*DESCRIPTION OF THE TASK*
Write out again, exactly, the lines below starting at the one with "exists (gsubst th" and ending at the one with "intros [HG0 HR].".

*RECORDS FOR THIS TASK*
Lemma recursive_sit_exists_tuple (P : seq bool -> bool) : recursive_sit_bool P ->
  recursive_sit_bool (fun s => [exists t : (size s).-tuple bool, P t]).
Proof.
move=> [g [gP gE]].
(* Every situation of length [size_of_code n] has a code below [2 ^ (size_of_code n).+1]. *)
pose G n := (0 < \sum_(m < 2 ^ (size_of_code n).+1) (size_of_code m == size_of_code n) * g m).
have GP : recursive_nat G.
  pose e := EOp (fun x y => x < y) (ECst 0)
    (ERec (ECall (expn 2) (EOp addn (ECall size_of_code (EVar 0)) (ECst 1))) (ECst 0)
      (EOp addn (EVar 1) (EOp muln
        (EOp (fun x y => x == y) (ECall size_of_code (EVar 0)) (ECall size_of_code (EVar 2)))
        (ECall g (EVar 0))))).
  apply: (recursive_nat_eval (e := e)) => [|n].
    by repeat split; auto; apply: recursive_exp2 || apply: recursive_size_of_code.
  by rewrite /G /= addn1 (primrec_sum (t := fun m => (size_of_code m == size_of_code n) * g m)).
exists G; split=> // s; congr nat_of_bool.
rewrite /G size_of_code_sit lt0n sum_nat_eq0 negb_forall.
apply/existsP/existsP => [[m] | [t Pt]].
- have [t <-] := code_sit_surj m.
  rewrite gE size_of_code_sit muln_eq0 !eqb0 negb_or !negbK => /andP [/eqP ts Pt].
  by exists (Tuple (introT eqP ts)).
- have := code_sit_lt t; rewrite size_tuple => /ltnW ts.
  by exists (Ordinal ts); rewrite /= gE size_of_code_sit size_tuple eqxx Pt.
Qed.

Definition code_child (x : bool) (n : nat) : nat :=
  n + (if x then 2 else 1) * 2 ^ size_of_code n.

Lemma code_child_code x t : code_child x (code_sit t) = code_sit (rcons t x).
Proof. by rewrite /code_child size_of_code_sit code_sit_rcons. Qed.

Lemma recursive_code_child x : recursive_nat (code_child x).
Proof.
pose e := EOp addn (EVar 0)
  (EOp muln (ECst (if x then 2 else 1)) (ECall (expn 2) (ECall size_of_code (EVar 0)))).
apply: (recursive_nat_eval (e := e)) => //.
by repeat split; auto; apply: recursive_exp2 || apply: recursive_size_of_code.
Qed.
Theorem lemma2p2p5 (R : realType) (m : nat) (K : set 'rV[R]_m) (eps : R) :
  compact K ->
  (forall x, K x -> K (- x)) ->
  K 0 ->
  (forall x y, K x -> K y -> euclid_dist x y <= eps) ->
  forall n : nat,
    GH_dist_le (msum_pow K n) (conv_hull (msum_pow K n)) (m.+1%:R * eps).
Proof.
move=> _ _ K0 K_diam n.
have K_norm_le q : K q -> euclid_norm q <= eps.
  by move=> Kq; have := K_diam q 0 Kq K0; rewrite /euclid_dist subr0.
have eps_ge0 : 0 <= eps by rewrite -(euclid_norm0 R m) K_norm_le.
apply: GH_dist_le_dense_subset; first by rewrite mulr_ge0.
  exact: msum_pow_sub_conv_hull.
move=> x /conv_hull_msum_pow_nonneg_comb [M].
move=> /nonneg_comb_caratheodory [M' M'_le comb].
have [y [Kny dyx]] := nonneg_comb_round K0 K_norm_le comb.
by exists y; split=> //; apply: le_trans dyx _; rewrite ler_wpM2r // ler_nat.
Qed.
* * *
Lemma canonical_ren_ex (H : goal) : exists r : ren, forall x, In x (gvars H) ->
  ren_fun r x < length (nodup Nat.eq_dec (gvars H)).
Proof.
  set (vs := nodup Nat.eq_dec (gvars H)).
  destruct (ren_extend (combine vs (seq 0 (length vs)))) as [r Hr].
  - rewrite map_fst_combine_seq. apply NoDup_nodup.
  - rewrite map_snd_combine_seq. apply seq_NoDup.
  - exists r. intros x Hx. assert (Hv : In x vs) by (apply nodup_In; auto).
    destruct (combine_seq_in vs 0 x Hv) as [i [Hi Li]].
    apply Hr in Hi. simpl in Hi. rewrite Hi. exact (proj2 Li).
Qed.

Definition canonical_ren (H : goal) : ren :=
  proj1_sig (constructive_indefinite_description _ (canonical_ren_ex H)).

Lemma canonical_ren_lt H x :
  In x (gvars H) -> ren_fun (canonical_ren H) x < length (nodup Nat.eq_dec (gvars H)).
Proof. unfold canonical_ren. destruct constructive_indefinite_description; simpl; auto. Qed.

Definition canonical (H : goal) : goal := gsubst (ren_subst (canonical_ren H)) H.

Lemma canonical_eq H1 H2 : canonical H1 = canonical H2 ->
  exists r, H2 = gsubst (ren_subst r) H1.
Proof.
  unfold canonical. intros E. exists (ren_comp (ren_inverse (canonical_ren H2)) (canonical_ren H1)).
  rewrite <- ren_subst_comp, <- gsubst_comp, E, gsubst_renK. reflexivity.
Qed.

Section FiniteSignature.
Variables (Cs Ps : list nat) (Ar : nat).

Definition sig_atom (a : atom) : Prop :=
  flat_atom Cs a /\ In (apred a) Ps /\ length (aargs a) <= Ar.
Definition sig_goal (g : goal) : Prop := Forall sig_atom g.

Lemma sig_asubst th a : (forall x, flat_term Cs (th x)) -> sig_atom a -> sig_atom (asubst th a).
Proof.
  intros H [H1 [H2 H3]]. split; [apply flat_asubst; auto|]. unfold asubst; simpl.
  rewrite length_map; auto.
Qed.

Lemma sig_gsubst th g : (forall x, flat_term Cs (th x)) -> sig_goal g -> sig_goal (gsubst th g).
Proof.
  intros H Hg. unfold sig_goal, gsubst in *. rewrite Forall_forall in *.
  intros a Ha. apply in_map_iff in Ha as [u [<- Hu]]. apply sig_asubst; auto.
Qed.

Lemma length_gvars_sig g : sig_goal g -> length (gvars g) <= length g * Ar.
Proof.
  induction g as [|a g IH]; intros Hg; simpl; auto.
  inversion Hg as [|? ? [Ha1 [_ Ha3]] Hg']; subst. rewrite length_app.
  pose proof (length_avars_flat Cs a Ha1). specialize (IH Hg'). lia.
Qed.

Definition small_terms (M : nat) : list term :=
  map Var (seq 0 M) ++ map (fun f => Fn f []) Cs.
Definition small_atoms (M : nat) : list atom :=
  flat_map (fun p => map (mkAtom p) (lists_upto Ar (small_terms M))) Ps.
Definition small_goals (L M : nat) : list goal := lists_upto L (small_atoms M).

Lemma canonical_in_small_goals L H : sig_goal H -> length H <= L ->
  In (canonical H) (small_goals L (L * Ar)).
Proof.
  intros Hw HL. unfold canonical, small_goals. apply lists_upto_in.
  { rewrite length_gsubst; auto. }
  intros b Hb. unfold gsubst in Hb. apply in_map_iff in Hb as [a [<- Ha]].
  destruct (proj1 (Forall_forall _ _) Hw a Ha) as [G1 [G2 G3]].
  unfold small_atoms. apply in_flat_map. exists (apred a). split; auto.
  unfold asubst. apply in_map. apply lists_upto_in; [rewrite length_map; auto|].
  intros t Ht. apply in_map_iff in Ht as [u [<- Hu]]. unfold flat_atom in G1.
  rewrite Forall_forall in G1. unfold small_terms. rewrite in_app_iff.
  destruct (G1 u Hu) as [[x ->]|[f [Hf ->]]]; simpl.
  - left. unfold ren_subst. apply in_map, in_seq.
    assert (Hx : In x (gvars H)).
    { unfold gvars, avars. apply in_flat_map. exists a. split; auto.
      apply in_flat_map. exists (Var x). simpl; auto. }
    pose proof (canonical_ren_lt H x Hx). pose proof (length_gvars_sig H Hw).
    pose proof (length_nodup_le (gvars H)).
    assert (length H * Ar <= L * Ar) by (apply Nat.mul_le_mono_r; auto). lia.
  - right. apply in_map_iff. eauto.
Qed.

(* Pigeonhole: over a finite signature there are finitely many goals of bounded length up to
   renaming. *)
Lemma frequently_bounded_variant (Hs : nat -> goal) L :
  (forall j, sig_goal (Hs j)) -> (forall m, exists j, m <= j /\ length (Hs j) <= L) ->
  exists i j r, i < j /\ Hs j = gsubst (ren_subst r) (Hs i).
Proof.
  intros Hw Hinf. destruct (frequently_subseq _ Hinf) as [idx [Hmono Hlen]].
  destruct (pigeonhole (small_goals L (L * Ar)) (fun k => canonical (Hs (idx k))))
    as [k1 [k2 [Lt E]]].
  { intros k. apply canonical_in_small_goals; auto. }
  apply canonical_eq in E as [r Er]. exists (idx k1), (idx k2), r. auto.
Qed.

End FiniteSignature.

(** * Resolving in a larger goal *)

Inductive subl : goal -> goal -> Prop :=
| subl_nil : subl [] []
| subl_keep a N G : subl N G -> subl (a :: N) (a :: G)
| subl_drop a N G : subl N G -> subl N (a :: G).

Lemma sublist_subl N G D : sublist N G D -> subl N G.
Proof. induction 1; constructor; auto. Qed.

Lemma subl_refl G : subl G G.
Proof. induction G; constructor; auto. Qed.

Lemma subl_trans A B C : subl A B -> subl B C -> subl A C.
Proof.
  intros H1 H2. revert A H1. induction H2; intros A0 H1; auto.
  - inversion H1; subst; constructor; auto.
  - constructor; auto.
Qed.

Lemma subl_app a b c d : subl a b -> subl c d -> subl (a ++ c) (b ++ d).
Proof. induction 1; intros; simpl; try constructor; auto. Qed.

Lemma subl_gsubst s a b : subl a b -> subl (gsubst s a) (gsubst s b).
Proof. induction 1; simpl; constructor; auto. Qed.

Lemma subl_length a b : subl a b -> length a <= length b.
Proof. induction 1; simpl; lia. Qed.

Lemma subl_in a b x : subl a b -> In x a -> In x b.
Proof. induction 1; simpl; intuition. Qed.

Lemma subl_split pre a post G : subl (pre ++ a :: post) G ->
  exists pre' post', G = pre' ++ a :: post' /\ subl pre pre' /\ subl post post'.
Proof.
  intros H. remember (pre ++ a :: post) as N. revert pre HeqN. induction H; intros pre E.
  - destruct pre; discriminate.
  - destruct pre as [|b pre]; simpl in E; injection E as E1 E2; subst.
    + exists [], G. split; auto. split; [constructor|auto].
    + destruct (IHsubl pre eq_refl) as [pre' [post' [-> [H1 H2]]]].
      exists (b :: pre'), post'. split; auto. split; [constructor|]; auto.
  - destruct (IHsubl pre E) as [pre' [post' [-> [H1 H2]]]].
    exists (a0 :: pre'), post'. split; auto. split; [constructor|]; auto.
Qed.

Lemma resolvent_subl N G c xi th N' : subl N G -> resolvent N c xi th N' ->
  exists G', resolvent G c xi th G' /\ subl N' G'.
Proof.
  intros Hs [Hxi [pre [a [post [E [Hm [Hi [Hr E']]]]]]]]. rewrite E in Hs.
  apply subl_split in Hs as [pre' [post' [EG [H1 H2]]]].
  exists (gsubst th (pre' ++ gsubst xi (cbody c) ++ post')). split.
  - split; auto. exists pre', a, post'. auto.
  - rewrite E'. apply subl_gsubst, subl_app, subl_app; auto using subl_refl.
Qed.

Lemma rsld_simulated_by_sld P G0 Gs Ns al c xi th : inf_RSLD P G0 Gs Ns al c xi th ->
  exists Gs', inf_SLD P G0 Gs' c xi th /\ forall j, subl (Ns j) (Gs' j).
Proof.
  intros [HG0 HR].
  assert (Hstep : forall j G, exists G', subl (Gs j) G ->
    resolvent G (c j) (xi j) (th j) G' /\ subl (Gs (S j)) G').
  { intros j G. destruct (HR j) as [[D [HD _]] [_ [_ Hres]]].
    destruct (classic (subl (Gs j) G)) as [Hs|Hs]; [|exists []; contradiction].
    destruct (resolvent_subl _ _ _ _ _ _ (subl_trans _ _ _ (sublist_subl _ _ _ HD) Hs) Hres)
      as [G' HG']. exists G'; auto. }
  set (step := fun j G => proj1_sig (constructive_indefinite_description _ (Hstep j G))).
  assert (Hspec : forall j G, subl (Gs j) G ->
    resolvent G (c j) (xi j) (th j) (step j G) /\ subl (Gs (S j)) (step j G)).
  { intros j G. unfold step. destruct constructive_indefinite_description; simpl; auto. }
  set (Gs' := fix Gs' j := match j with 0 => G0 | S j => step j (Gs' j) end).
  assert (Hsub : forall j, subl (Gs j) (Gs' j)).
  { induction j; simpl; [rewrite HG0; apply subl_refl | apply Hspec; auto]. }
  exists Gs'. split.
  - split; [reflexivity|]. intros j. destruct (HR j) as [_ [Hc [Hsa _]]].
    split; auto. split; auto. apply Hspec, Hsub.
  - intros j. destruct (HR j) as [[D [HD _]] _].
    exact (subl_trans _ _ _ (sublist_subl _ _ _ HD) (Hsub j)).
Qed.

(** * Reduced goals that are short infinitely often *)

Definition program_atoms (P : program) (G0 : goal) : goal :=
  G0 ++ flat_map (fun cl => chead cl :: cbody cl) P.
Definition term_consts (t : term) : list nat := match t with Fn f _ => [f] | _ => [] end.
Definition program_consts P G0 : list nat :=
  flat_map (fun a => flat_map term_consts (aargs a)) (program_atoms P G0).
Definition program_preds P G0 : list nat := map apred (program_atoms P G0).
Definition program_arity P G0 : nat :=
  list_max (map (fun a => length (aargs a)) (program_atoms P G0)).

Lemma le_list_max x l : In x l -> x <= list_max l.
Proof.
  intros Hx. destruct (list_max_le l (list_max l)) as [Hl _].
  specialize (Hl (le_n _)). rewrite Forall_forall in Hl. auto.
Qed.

*ANSWER TO THIS EXERCISE*
  exists (gsubst th (pre' ++ gsubst xi (cbody c) ++ post')). split.
  - split; auto. exists pre', a, post'. auto.
  - rewrite E'. apply subl_gsubst, subl_app, subl_app; auto using subl_refl.
Qed.

Lemma rsld_simulated_by_sld P G0 Gs Ns al c xi th : inf_RSLD P G0 Gs Ns al c xi th ->
  exists Gs', inf_SLD P G0 Gs' c xi th /\ forall j, subl (Ns j) (Gs' j).
Proof.
  intros [HG0 HR].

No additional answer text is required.